The answer is not simple, and it does not rely solely on the market price for the resource, though that is an important factor.  The more immediate issue is, “How much of the cost of transporting and processing the gas for market can be deducted from the royalties?”

Even that answer is complicated.

Friday the State Supreme Court ruled 4-1 in Leggett v. EQT Production Company that a percentage of certain post-production costs, such as transmission and processing, can be deducted from the mineral owner’s royalty checks.  The court’s decision came in a rehearing of the case and is a reversal of the 3-2 decision last November which said those costs cannot be deducted.

The Leggett decision applies to wells on property where the original lease called for the gas company to pay a flat rate fee to the mineral rights holder.  Flat rate fees were often very low and the State Legislature passed a law in 1982 that said for any future drilling under that lease the gas company had to pay the royalty owner one-eighth of the value of the gas at the wellhead.

The Leggett decision does not resolve the issue, however.  In 2006, the State Supreme Court ruled in Tawney v. Columbia Natural Resources that the gas companies could not deduct post-production costs from royalties. “West Virginia recognizes that a lessee to an oil and gas lease must bear all costs incurred in marketing and transporting to the point of sale unless the oil and gas lease provides otherwise,” wrote Justice Spike Maynard.

There are differences in the facts of the Leggett and Tawney cases; Leggett deals with the statute on royalties while Tawney is about lease contracts.  However, the Leggett decision clearly opens the door for a legal challenge to the Tawney ruling.  In fact, Chief Justice Allen Loughry almost invites a review of Tawney when he writes that the court will “leave for another day the continued vitality and scope” of the Tawney decision.
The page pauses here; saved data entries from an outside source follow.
(** Symbol sequences: Sigma_N = {0,...,N-1}^Z (alphabet relabelled from {1..N}). *)
Definition seqZ := Z -> nat.
Definition SigmaN (N : nat) (xi : seqZ) : Prop := forall k : Z, (xi k < N)%nat.

Definition shift (xi : seqZ) : seqZ := fun k => xi (k + 1)%Z.
Definition shift_inv (xi : seqZ) : seqZ := fun k => xi (k - 1)%Z.
Definition shift_invn (n : nat) (xi : seqZ) : seqZ := fun k => xi (k - Z.of_nat n)%Z.

Definition deriv_within (D : R -> Prop) (g : R -> R) (x l : R) : Prop :=
  forall eps, 0 < eps -> exists delta, 0 < delta /\
    forall y, D y -> y <> x -> Rabs (y - x) < delta ->
      Rabs ((g y - g x) / (y - x) - l) < eps.

Definition continuous_within (D : R -> Prop) (h : R -> R) (x : R) : Prop :=
  forall eps, 0 < eps -> exists delta, 0 < delta /\
    forall y, D y -> Rabs (y - x) < delta -> Rabs (h y - h x) < eps.

Definition C1_on (D : R -> Prop) (h : R -> R) : Prop :=
  exists dh : R -> R,
    (forall x, D x -> deriv_within D h x (dh x)) /\
    (forall x, D x -> continuous_within D dh x).

Definition image (h : R -> R) (D : R -> Prop) (y : R) : Prop :=
  exists x, D x /\ h x = y.

Definition C1_diffeo_onto_image (h hinv : R -> R) : Prop :=
  (forall x, I x -> I (h x)) /\
  C1_on I h /\
  C1_on (image h I) hinv /\
  (forall x, I x -> hinv (h x) = x) /\
  (forall y, image h I y -> h (hinv y) = y).

Definition F (f : nat -> R -> R) (z : seqZ * R) : seqZ * R :=
  (shift (fst z), f (fst z 0%Z) (snd z)).
Definition Fn (f : nat -> R -> R) (n : nat) (z : seqZ * R) : seqZ * R :=
  Nat.iter n (F f) z.

(** F^{-1}(xi,p) = (sigma^{-1} xi, f_{xi_{-1}}^{-1} p) (valid on Lambda), iterates. *)
Definition Finv (g : nat -> R -> R) (z : seqZ * R) : seqZ * R :=
  (shift_inv (fst z), g (fst z (-1)%Z) (snd z)).
Definition Finvn (g : nat -> R -> R) (n : nat) (z : seqZ * R) : seqZ * R :=
  Nat.iter n (Finv g) z.

Definition Lambda (N : nat) (f : nat -> R -> R) (z : seqZ * R) : Prop :=
  forall n : nat, exists y : seqZ * R,
    SigmaN N (fst y) /\ I (snd y) /\ Fn f n y = z.

Fixpoint fcomp (f : nat -> R -> R) (xi : seqZ) (n : nat) (p : R) : R :=
  match n with
  | O => p
  | S m => f (xi (Z.of_nat m)) (fcomp f xi m p)
  end.

Definition F_invariant (f : nat -> R -> R) (H : seqZ * R -> Prop) : Prop :=
  (forall z, H z -> H (F f z)) /\
  (forall w, H w -> exists z, H z /\ F f z = w).

Definition hyp_contraction (f : nat -> R -> R) (H : seqZ * R -> Prop) : Prop :=
  exists c lam : R, 0 < c /\ 0 < lam < 1 /\
    forall (n : nat) (xi : seqZ) (p : R), (1 <= n)%nat -> H (xi, p) ->
      exists D, deriv_within I (fcomp f xi n) p D /\ Rabs D <= c * lam ^ n.

(** Hyperbolic with fibre expansion: fibre contraction for F^{-1}.  The fibre
    component of F^{-n} over xi is q |-> f_{xi_{-n}}^{-1} o ... o f_{xi_{-1}}^{-1} q,
    whose natural domain is f_{xi_{-n} ... xi_{-1}}(I). *)
Definition hyp_expansion (f g : nat -> R -> R) (H : seqZ * R -> Prop) : Prop :=
  exists c lam : R, 0 < c /\ 0 < lam < 1 /\
    forall (n : nat) (xi : seqZ) (p : R), (1 <= n)%nat -> H (xi, p) ->
      exists D,
        deriv_within (image (fcomp f (shift_invn n xi) n) I)
                     (fun q => snd (Finvn g n (xi, q))) p D
        /\ Rabs D <= c * lam ^ n.

Definition hyperbolic (f g : nat -> R -> R) (H : seqZ * R -> Prop) : Prop :=
  hyp_contraction f H \/ hyp_expansion f g H.

Definition card_le (A : R -> Prop) (M : nat) : Prop :=
  forall l : list R, NoDup l -> (forall x, In x l -> A x) -> (length l <= M)%nat.

Definition fibre (H : seqZ * R -> Prop) (xi : seqZ) (p : R) : Prop :=
  H (xi, p) /\ I p.

From Pilot Require Import Defs.
From Stdlib Require Import Reals ZArith List Lra Lia ClassicalEpsilon FunctionalExtensionality.
Open Scope R_scope.

(* Since only finitely many maps f_i occur, the fibre derivative of F^m is
   equicontinuous in the base point xi.  Hyperbolicity at a point of H then
   controls this derivative on a uniform neighbourhood, so a map T on H that
   preserves fibres (a chosen F^m-preimage under fibre contraction, F^m itself
   under fibre expansion) expands fibre distances below some scale delta by a
   factor 1/rho > 1.  Given distinct points of H_xi at mutual distance >= d,
   choose n with rho^n < d: their T^n-images, which again lie in a single
   fibre, are then pairwise at least 1/K apart, where 1/K < delta.  Hence
   #H_xi <= K + 1, with K depending only on delta. *)

(* Extending by clamping to I reduces calculus on I to calculus on R. *)

Definition clamp (x : R) : R := Rmax 0 (Rmin 1 x).

Lemma clamp_I x : I (clamp x).
Proof. unfold clamp, I, Rmax, Rmin; repeat destruct Rle_dec; lra. Qed.

Lemma clamp_id x : I x -> clamp x = x.
Proof. unfold clamp, I, Rmax, Rmin; intros; repeat destruct Rle_dec; lra. Qed.

Lemma clamp_lipschitz x y : Rabs (clamp y - clamp x) <= Rabs (y - x).
Proof. unfold clamp, Rmax, Rmin; repeat destruct Rle_dec; split_Rabs; lra. Qed.

Lemma continuity_clamp_ext h :
  (forall x, I x -> continuous_within I h x) -> continuity (fun t => h (clamp t)).
Proof.
  intros Hc x eps Heps.
  destruct (Hc (clamp x) (clamp_I x) eps Heps) as [d [Hd Hclose]].
  exists d; split; [lra|].
  intros y [_ Hy]; simpl in *; unfold R_dist in *.
  apply Hclose; [apply clamp_I|].
  pose proof (clamp_lipschitz x y); lra.
Qed.

Lemma derivable_pt_lim_clamp_ext h c l :
  0 < c < 1 -> deriv_within I h c l -> derivable_pt_lim (fun t => h (clamp t)) c l.
Proof.
  intros Hc Hd eps Heps.
  destruct (Hd eps Heps) as [d [Hdpos Hquot]].
  assert (Hm : 0 < Rmin d (Rmin c (1 - c))) by (repeat apply Rmin_glb_lt; lra).
  exists (mkposreal _ Hm); simpl; intros k Hk Hkd.
  pose proof (Rmin_l d (Rmin c (1 - c))).
  pose proof (Rmin_r d (Rmin c (1 - c))).
  pose proof (Rmin_l c (1 - c)). pose proof (Rmin_r c (1 - c)).
  assert (HI : I (c + k)) by (unfold I; split_Rabs; lra).
  rewrite (clamp_id (c + k) HI), (clamp_id c) by (unfold I; lra).
  replace k with ((c + k) - c) at 2 by ring.
  apply Hquot; auto; [lra|].
  replace (c + k - c) with k by ring; lra.
Qed.

Lemma deriv_within_continuous A h x l :
  deriv_within A h x l -> continuous_within A h x.
Proof.
  intros Hd eps Heps.
  destruct (Hd 1 Rlt_0_1) as [d1 [Hd1 Hquot]].
  pose proof (Rabs_pos l).
  assert (Hp : 0 < eps / (Rabs l + 1)) by (apply Rdiv_lt_0_compat; lra).
  exists (Rmin d1 (eps / (Rabs l + 1))); split; [apply Rmin_glb_lt; lra|].
  intros y Ay Hy.
  pose proof (Rmin_l d1 (eps / (Rabs l + 1))).
  pose proof (Rmin_r d1 (eps / (Rabs l + 1))).
  destruct (Req_dec y x) as [->|Hne]; [rewrite Rminus_diag, Rabs_R0; lra|].
  specialize (Hquot y Ay Hne ltac:(lra)).
  set (q := (h y - h x) / (y - x)) in Hquot.
  assert (Hq : Rabs q <= Rabs l + 1) by (pose proof (Rabs_triang_inv q l); lra).
  replace (h y - h x) with (q * (y - x)) by (unfold q; field; lra).
  rewrite Rabs_mult.
  apply Rle_lt_trans with ((Rabs l + 1) * Rabs (y - x));
    [apply Rmult_le_compat_r; [apply Rabs_pos | exact Hq]|].
  apply Rlt_le_trans with ((Rabs l + 1) * (eps / (Rabs l + 1)));
    [apply Rmult_lt_compat_l; lra | right; field; lra].
Qed.

Lemma deriv_within_ext A h1 h2 x l :
  (forall t, A t -> h1 t = h2 t) -> A x ->
  deriv_within A h1 x l -> deriv_within A h2 x l.
Proof.
  intros He Ax Hd eps Heps; destruct (Hd eps Heps) as [d [Hdpos Hquot]].
  exists d; split; auto; intros y Ay Hyx Hy.
  rewrite <- (He y Ay), <- (He x Ax); auto.
Qed.

Lemma deriv_within_id A x : deriv_within A (fun t => t) x 1.
Proof.
  intros eps Heps; exists 1; split; [lra|]; intros y _ Hyx _.
  replace ((y - x) / (y - x) - 1) with 0 by (field; lra).
  rewrite Rabs_R0; lra.
Qed.

Lemma deriv_within_comp A B h k x a b :
  deriv_within A h x a -> deriv_within B k (h x) b -> (forall t, A t -> B (h t)) ->
  deriv_within A (fun t => k (h t)) x (b * a).
Proof.
  intros Hh Hk HAB eps Heps.
  pose proof (Rabs_pos a) as Ha; pose proof (Rabs_pos b) as Hb.
  set (ek := eps / (2 * (Rabs a + 1))).
  set (eh := Rmin 1 (eps / (2 * (Rabs b + 1)))).
  assert (Hek : ek * (Rabs a + 1) = eps / 2) by (unfold ek; field; lra).
  assert (Hek0 : 0 < ek) by (unfold ek; apply Rdiv_lt_0_compat; lra).
  assert (Heh1 : eh <= 1) by apply Rmin_l.
  assert (Heh0 : 0 < eh) by (apply Rmin_glb_lt; [lra | apply Rdiv_lt_0_compat; lra]).
  assert (Heh : Rabs b * eh < eps / 2).
  { apply Rle_lt_trans with (Rabs b * (eps / (2 * (Rabs b + 1))));
      [apply Rmult_le_compat_l; [lra | apply Rmin_r]|].
    apply Rmult_lt_reg_r with (2 * (Rabs b + 1)); [lra|].
    replace (Rabs b * (eps / (2 * (Rabs b + 1))) * (2 * (Rabs b + 1)))
      with (Rabs b * eps) by (field; lra).
    lra. }
  destruct (Hk ek Hek0) as [dk [Hdk Hkquot]].
  destruct (deriv_within_continuous _ _ _ _ Hh dk Hdk) as [dc [Hdc Hhcont]].
  destruct (Hh eh Heh0) as [dh [Hdh Hhquot]].
  exists (Rmin dc dh); split; [apply Rmin_glb_lt; lra|].
  intros t At Htx Ht.
  pose proof (Rmin_l dc dh); pose proof (Rmin_r dc dh).
  specialize (Hhquot t At Htx ltac:(lra)); specialize (Hhcont t At ltac:(lra)).
  set (q := (h t - h x) / (t - x)) in Hhquot.
  assert (Hq : Rabs q <= Rabs a + 1).
  { pose proof (Rabs_triang_inv q a); lra. }
  assert (Hbq : Rabs b * Rabs (q - a) <= Rabs b * eh) by (apply Rmult_le_compat_l; lra).
  destruct (Req_dec (h t) (h x)) as [Heq|Hne].
  - assert (Hq0 : q = 0) by (unfold q; rewrite Heq; field; lra).
    replace ((k (h t) - k (h x)) / (t - x) - b * a) with (b * (q - a))
      by (rewrite Heq, Hq0; field; lra).
    rewrite Rabs_mult; lra.
  - specialize (Hkquot (h t) (HAB t At) Hne Hhcont).
    set (r := (k (h t) - k (h x)) / (h t - h x)) in Hkquot.
    replace ((k (h t) - k (h x)) / (t - x) - b * a) with ((r - b) * q + b * (q - a))
      by (unfold r, q; field; split; lra).
    eapply Rle_lt_trans; [apply Rabs_triang|]; rewrite !Rabs_mult.
    assert (Rabs (r - b) * Rabs q <= ek * (Rabs a + 1))
      by (apply Rmult_le_compat; try apply Rabs_pos; lra).
    lra.
Qed.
The fact that four of the five Justices (Justice Robin Davis dissented) were on one side in the Leggett decision means the court believes there is justification for gas companies to deduct some post-production costs from the royalty owners. But what is reasonable?  Could a mineral rights owner find himself getting a negative royalty check because of all the deductions for transmission and processing of the gas?

Justice Margaret Workman addresses those concerns in her concurrence. She urges the Legislature “to enact specific protections to assure fairness and reasonableness in the calculation of post-production costs.”  Workman cites Montana and Colorado laws as examples of how public policy makers can codify requirements for royalty payments.

But until and unless the Legislature does that, the conflicting court opinions and the likelihood of additional legal battles over royalties add uncertainty to the natural gas industry.  Royalty owners are less certain about how much they will have to pay—if anything—for downstream costs while gas companies cannot accurately plan for their production costs.

This unpredictability is a detriment to what should be a long-term boom for the state, the gas companies and the mineral rights holders. It’s up to the Legislature and the Governor to adopt sound public policy to avoid constant court fights.